What do we need these external consultants for again? Oh, the who and what said this is really important (but it is actually not), like cosmetic changes to workflows on your project management software or the "really important" sensitivity trainings for whatever.
This is generally true only for companies with HR departments. Be the big fish in the small pond.
5:01 There's a company that values valuable employees? *surprised Pikachu *
VC firm acquired the start up I work for. We were very underpaid relative to the industry, but we were working for the payoff when we released the final product. If I don't get a major raise from the new company I'm going to look for work.

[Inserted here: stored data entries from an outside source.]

(* In a triangle-free graph every biclique P splits as P = X :|: Y where each
   side is the common neighbourhood of the other (Y = cn X, X = cn Y); such a
   pair of "closed sides" determines a biclique and conversely.  Say that P
   covers R when P contains a whole side of R.  Two facts drive the proof:
   covering is symmetric between bicliques, and two bicliques covering the
   same biclique intersect.

   For a star c; L 0, ..., L (n-1) of KB(G), pick p_i in c :&: L i and let
   m_i be the star biclique of p_i (its neighbourhood and the common
   neighbourhood of that).  Then m_i covers both c and L i, so the sets
   c, m_i, L_i realise (D_n)^2 with v |-> c, u_i |-> m_i, w_i |-> L_i.  This
   fails only if some m_k coincides with c or L_k; then L_k covers c, which
   can happen for at most one k, and mapping u_k |-> L_k (with w_k removed)
   realises (D_n^-)^2 instead. *)

Definition meets {T : finType} (P Q : {set T}) : bool := P :&: Q != set0.

Section Bicliques.
Variables (T : finType) (e : rel T).
Hypotheses (e_sym : symmetric e) (e_irr : irreflexive e) (e_tf : triangle_free e).
Implicit Types (A B P Q R X Y : {set T}) (x y z : T).

Definition cn A : {set T} := [set z | [forall a in A, e a z]].

Lemma cnP A z : reflect (forall a, a \in A -> e a z) (z \in cn A).
Proof. by rewrite inE; apply: forall_inP. Qed.

Lemma cn_anti A B : A \subset B -> cn B \subset cn A.
Proof.
by move=> sAB; apply/subsetP=> z /cnP zB; apply/cnP=> a /(subsetP sAB); apply: zB.
Qed.

Lemma sub_cncn A : A \subset cn (cn A).
Proof. by apply/subsetP=> a aA; apply/cnP=> z /cnP za; rewrite e_sym; apply: za. Qed.

Lemma cn3 A : cn (cn (cn A)) = cn A.
Proof. by apply/eqP; rewrite eqEsubset sub_cncn andbT cn_anti ?sub_cncn. Qed.

Lemma cn_indep Y z1 z2 : Y != set0 -> z1 \in cn Y -> z2 \in cn Y -> ~~ e z1 z2.
Proof.
case/set0Pn=> y yY /cnP y_z1 /cnP y_z2; apply/negP=> z12.
by apply: (e_tf y z1 z2); rewrite (y_z1 y) // (y_z2 y) // z12.
Qed.

Definition sides R X Y : Prop :=
  [/\ X != set0, Y != set0, R = X :|: Y, Y = cn X & X = cn Y].

Lemma sides_sym R X Y : sides R X Y -> sides R Y X.
Proof. by case=> nX nY -> hY hX; split; rewrite // setUC. Qed.

(* In a maximal complete bipartite set, each part is the common neighbourhood
   of the other: a common neighbour z of X outside Y could be added to Y. *)
Lemma maximal_side P X Y : (forall Q, P \proper Q -> ~ complete_bip e Q) ->
  X != set0 -> Y != set0 -> [disjoint X & Y] -> X :|: Y = P ->
  (forall x y, x \in X -> y \in Y -> e x y) ->
  (forall x y, x \in X -> y \in X -> ~~ e x y) ->
  (forall x y, x \in Y -> y \in Y -> ~~ e x y) -> Y = cn X.
Proof.
move=> Pmax nX nY dXY UP cXY iX iY; apply/setP=> z; apply/idP/idP.
  by move=> zY; apply/cnP=> a aX; apply: cXY.
move=> /cnP zX; apply/negPn/negP=> zNY.
have zNX : z \notin X by apply/negP=> zX'; move: (zX z zX'); rewrite e_irr.
case/set0Pn: (nX) => x0 x0X.
apply: (Pmax (X :|: (z |: Y))).
  rewrite properE -UP setUS ?subsetUr //=; apply/subsetPn; exists z.
    by rewrite !inE eqxx orbT.
  by rewrite inE (negbTE zNX) (negbTE zNY).
exists X, (z |: Y); split=> //.
- by apply/set0Pn; exists z; rewrite !inE eqxx.
- apply/pred0P=> w /=; rewrite !inE; apply/negP=> /andP[wX /orP[/eqP wz|wY]].
    by rewrite -wz wX in zNX.
  by rewrite (disjointFr dXY wX) in wY.
- split=> //.
  + by move=> x y xX; rewrite !inE => /orP[/eqP->|]; [exact: zX | exact: cXY].
  + move=> x y; rewrite !inE => /orP[/eqP->|xY] /orP[/eqP->|yY]; last exact: iY.
    * by rewrite e_irr.
    * apply/negP=> zy; apply: (e_tf x0 y z).
      by rewrite cXY // (e_sym y) zy zX.
    * apply/negP=> xz; apply: (e_tf x0 x z).
      by rewrite cXY // xz zX.
Qed.

Lemma biclique_sides P : biclique e P -> exists X Y, sides P X Y.
Proof.
case=> [[X [Y [nX nY dXY UP [cXY iX iY]]]] Pmax].
have cYX y x : y \in Y -> x \in X -> e y x by move=> yY xX; rewrite e_sym cXY.
exists X, Y; split; rewrite // -?UP.
  exact: (maximal_side Pmax).
by apply: (maximal_side Pmax); rewrite // 1?disjoint_sym // setUC.
Qed.

Lemma sides_absorb X Y X' Y' x0 :
  Y = cn X -> X = cn Y -> Y != set0 ->
  (forall x y, x \in X' -> y \in Y' -> e x y) ->
  (forall x y, x \in X' -> y \in X' -> ~~ e x y) ->
  (forall x y, x \in Y' -> y \in Y' -> ~~ e x y) ->
  X :|: Y \subset X' :|: Y' -> x0 \in X -> x0 \in X' ->
  X' :|: Y' \subset X :|: Y.
Proof.
move=> hY hX nY cXY' iX' iY' sub x0X x0X'.
have YY' y : y \in Y -> y \in Y'.
  move=> yY; have := subsetP sub y; rewrite !inE yY orbT => /(_ isT) /orP[yX'|//].
  have : e x0 y by move: yY; rewrite hY => /cnP; apply.
  by rewrite (negbTE (iX' _ _ x0X' yX')).
case/set0Pn: nY => y0 y0Y.
have XX' x : x \in X -> x \in X'.
  move=> xX; have := subsetP sub x; rewrite !inE xX => /(_ isT) /orP[//|xY'].
  have : e x y0 by move: y0Y; rewrite hY => /cnP; apply.
  by rewrite (negbTE (iY' _ _ xY' (YY' _ y0Y))).
apply/subsetP=> z; rewrite !inE => /orP[zX'|zY'].
  by rewrite hX; apply/orP; left; apply/cnP=> a /YY' aY'; rewrite e_sym cXY'.
by rewrite hY; apply/orP; right; apply/cnP=> a /XX' aX'; rewrite cXY'.
Qed.

Lemma sides_biclique P X Y : sides P X Y -> biclique e P.
Proof.
case=> nX nY -> hY hX; split.
  exists X, Y; split=> //.
  - apply/pred0P=> z /=; apply/negP=> /andP[zX]; rewrite hY => /cnP /(_ z zX).
    by rewrite e_irr.
  - split; first by move=> x y xX; rewrite hY => /cnP; apply.
      by rewrite hX => x y; apply: cn_indep.
    by rewrite hY => x y; apply: cn_indep.
move=> Q; rewrite properE => /andP[sPQ nQP] [X' [Y' [_ _ _ UQ [cXY' iX' iY']]]].
case/set0Pn: (nX) => x0 x0X; rewrite -UQ in sPQ nQP.
have : x0 \in X' :|: Y' by rewrite (subsetP sPQ) // inE x0X.
rewrite inE => /orP[x0X'|x0Y'].
  by move: nQP; rewrite (sides_absorb hY hX nY cXY' iX' iY' sPQ x0X x0X').
have cYX' x y : x \in Y' -> y \in X' -> e x y by move=> xY yX; rewrite e_sym cXY'.
rewrite [X' :|: Y']setUC in sPQ nQP.
by move: nQP; rewrite (sides_absorb hY hX nY cYX' iY' iX' sPQ x0X x0Y').
Qed.

Definition covers P R : Prop := exists X Y, sides R X Y /\ X \subset P.
Definition iota_sigma C n (s : nsimp C n) : ntr (RepD (sobj s ord0) n) (Fob s).
Proof.
refine (@MkNtr C (RepD (sobj s ord0) n) (Fob s)
  (fun b k x => existT (fun a : mono k n => hom C b (sobj s (a ord0)))
      x.2 (comp (smor s ord0 (x.2 ord0) (leq0n _)) x.1)) _ _).
- move=> b k m a [g e] /=; rewrite comp_assoc; erewrite smor_comp; exact: Fel_eq.
- by move=> b b' k f [g e] /=; rewrite comp_assoc.
Defined.

Definition postc C (c c' : ob C) (g : hom C c c') n :
  ntr (RepD c n) (RepD c' n).
Proof.
refine (@MkNtr C (RepD c n) (RepD c' n) (fun b k x => (comp g x.1, x.2)) _ _).
- by [].
- by move=> b b' k f [h e] /=; rewrite comp_assoc.
Defined.

Definition one_d0 C (c : ob C) m : ntr (RepD c m) (RepD c m.+1).
Proof.
refine (@MkNtr C (RepD c m) (RepD c m.+1)
   (fun b k x => (x.1, mono_comp (d0 m) x.2)) _ _).
- by move=> b k p a [g e] /=; congr pair; apply: mono_eq.
- by [].
Defined.

Definition Fface C m (s : nsimp C m.+1) :
  ntr (Fob (nsimp_pre s (d0 m))) (Fob s).
Proof.
refine (@MkNtr C (Fob (nsimp_pre s (d0 m))) (Fob s)
  (fun b k x => existT (fun a : mono k m.+1 => hom C b (sobj s (a ord0)))
      (mono_comp (d0 m) (projT1 x)) (projT2 x)) _ _).
- move=> b k p a [[f fh] h] /=.
  rewrite (smor_pf s _ _ _ (mono0 (mono_comp (d0 m) (Mono f fh)) (a ord0))).
  rewrite /mono_comp /=; exact: Fel_eq.
- by [].
Defined.

Definition first_arrow C m (s : nsimp C m.+1) :
  hom C (sobj s ord0) (sobj s (d0 m ord0)) :=
  smor s ord0 (d0 m ord0) (leq0n _).

(* A simplex (alpha, b -> sigma(alpha 0)) of F sigma either has alpha 0 = 0,
   and then it is the image under iota_n of a unique simplex, or alpha 0 > 0,
   and then alpha = delta_0 o alpha' for a unique alpha', so it comes from
   F(sigma delta_0).  For n = 0 only the first case occurs.  For n > 0 a cocone
   (u, v) is glued by cases on alpha 0; the cocone condition makes the glued map
   agree with v on the whole image of iota_n, and since every simplex lies in
   the image of iota_n or of the face map, naturality and uniqueness follow. *)

From mathcomp Require Import all_boot zify.
Set Implicit Arguments.
Unset Strict Implicit.
Lemma is_derive_linear_ode_sol r :
  0 < r -> is_derive linear_ode_sol r (dL r * linear_ode_sol r - g r).
Proof.
  intros Hr. unfold linear_ode_sol.
  set (h := fun s => g s * exp (- L s)).
  assert (Hh : is_derive (fun y => RInt h y c) r (- h r)).
  { apply (is_derive_RInt' (V := R_CompleteNormedModule) _ _ r c).
    - apply locally_of_pos; [exact Hr|]. intros y Hy.
      apply (RInt_correct (V := R_CompleteNormedModule)).
      apply ex_RInt_pos; auto.
    - apply continuous_integrand. exact Hr. }
  assert (HE : is_derive (fun y => exp (L y)) r (dL r * exp (L r))).
  { apply (is_derive_comp exp L); [apply is_derive_exp | apply HL; exact Hr]. }
  replace (dL r * (exp (L r) * RInt h r c) - g r)
    with (plus (mult (dL r * exp (L r)) (RInt h r c)) (mult (exp (L r)) (- h r))).
  - apply (is_derive_mult (fun y => exp (L y)) (fun y => RInt h y c)); auto.
    intros; apply Rmult_comm.
  - change (h r) with (g r * exp (- L r)).
    change (dL r * exp (L r) * RInt h r c + exp (L r) * - (g r * exp (- L r))
            = dL r * (exp (L r) * RInt h r c) - g r).
    assert (E : exp (L r) * exp (- L r) = 1)
      by (rewrite <- exp_plus, Rplus_opp_r; apply exp_0).
    transitivity (dL r * (exp (L r) * RInt h r c) - g r * (exp (L r) * exp (- L r)));
      [ring | rewrite E; ring].
Qed.

Lemma continuous_linear_ode_sol r : 0 < r -> continuous linear_ode_sol r.
Proof.
  intros Hr. apply (ex_derive_continuous (V := R_NormedModule)).
  eexists. apply is_derive_linear_ode_sol. exact Hr.
Qed.

Lemma linear_ode_sol_RInt r :
  0 < r -> linear_ode_sol r = RInt (fun s => g s * exp (L r - L s)) r c.
Proof.
  intros Hr. unfold linear_ode_sol.
  rewrite <- (RInt_scal (V := R_CompleteNormedModule)) by (apply ex_RInt_pos; auto).
  apply RInt_ext. intros s _. unfold Rminus. rewrite exp_plus.
  change scal with Rmult. simpl. ring.
Qed.

Lemma ex_RInt_linear_ode_integrand r x y :
  0 < x -> 0 < y -> ex_RInt (fun s => g s * exp (L r - L s)) x y.
Proof.
  intros Hx Hy.
  apply (ex_RInt_ext (fun s => scal (exp (L r)) (g s * exp (- L s)))).
  - intros s _. unfold Rminus. rewrite exp_plus. change scal with Rmult. simpl. ring.
  - apply (ex_RInt_scal (V := R_CompleteNormedModule)). apply ex_RInt_pos; auto.
Qed.

End LinearODE.

Lemma ln_add_diff_le_small_shift (x y t : R) :
  0 < y -> 0 < t -> t <= x -> ln (x + t) - ln (y + t) <= ln 2 + (ln x - ln y).
Proof.
  intros Hy Ht Htx.
  assert (Hup : ln (x + t) <= ln (2 * x)) by (apply ln_le; lra).
  assert (Hlow : ln y <= ln (y + t)) by (apply ln_le; lra).
  rewrite ln_mult in Hup by lra. lra.
Qed.

Lemma ln_add_diff_le_large_shift (x y t : R) :
  0 < x -> 0 < y -> x <= t -> ln (x + t) - ln (y + t) <= ln 2.
Proof.
  intros Hx Hy Hxt.
  assert (Hup : ln (x + t) <= ln (2 * t)) by (apply ln_le; lra).
  assert (Hlow : ln t <= ln (y + t)) by (apply ln_le; lra).
  rewrite ln_mult in Hup by lra. lra.
Qed.

Lemma Rpower_mul_opp (x y : R) : Rpower x y * Rpower x (- y) = 1.
Proof. rewrite <- Rpower_plus, Rplus_opp_r. unfold Rpower. rewrite Rmult_0_l. apply exp_0. Qed.

Lemma Rpower_mul_le (r k c y : R) : y <= c * Rpower r (- k) -> Rpower r k * y <= c.
Proof.
  intros H. replace c with (Rpower r k * (c * Rpower r (- k))).
  - apply Rmult_le_compat_l; [left; apply exp_pos | exact H].
  - transitivity (c * (Rpower r k * Rpower r (- k))); [ring | rewrite Rpower_mul_opp; ring].
Qed.

Section Model.

Variables (N : nat) (p : R).
Hypotheses (HN : 1 < INR N) (Hp_low : INR N / (INR N - 1) < p) (Hp_high : p < 2).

I'm pretty sure if I leave the company will struggle until they replace me.
one more story to the can, worked for 2 years and asked for a raise i didnt get the raise so i resigned. the right play was to job hunt while quiet quitting job (in this case quiet quitting is moral because even not doing much i would be still profitable due to low wage), but i am the kind of person who either gives 100% or 0% so quiet quitting was not an option, and if i still gave 100% i wouldn't have the energy to do the job search. All in all, playing the game will let you have more money and respect, but i would prefer not to play the game as much as possible.
Preach! I wonder how the pay upgrade chats go when Primeagen emails Primegen HR for a chat.
Companies hunt for immediate profit, only ..
The concept of "a little expense now is worth it, because there'll be a big profit, later", seems to escape them.
Great convo. Can't relate, though. Still can't find a job. 😢
You join this year which is cheaper than the guy who's been there since last year so the quarter is better.
Yep, I always hit them with the yearly "threaten to leave" works like a charm. Go from stupid KPIs/Goals for a 10% raise to forgetting all about that shit for a 25% raise 🤦♂️
They asked for it, so they're getting it.
Thank you as it good to these things in mind working or voluteering.
I saw the title of the video as asked myself if I was about to get fired. Jesus.
The same people you are referring to are the same people championing DEI and where civilization goes to die: HR
Same thing in the accounting space. Stay get a 3% increase. Leave, get 30% minimum.
Currently in a situation where I fucking love my job and the people I work with however I can easily quit for a 30%+ raise. It's something I think about almost every day now. And yeah I've asked for a raise, didn't threaten to quit yet though. It's a big corp so they really won't give a shit for the most part, but the people who make these decisions also don't have any goddamn clue about the project I'm working on.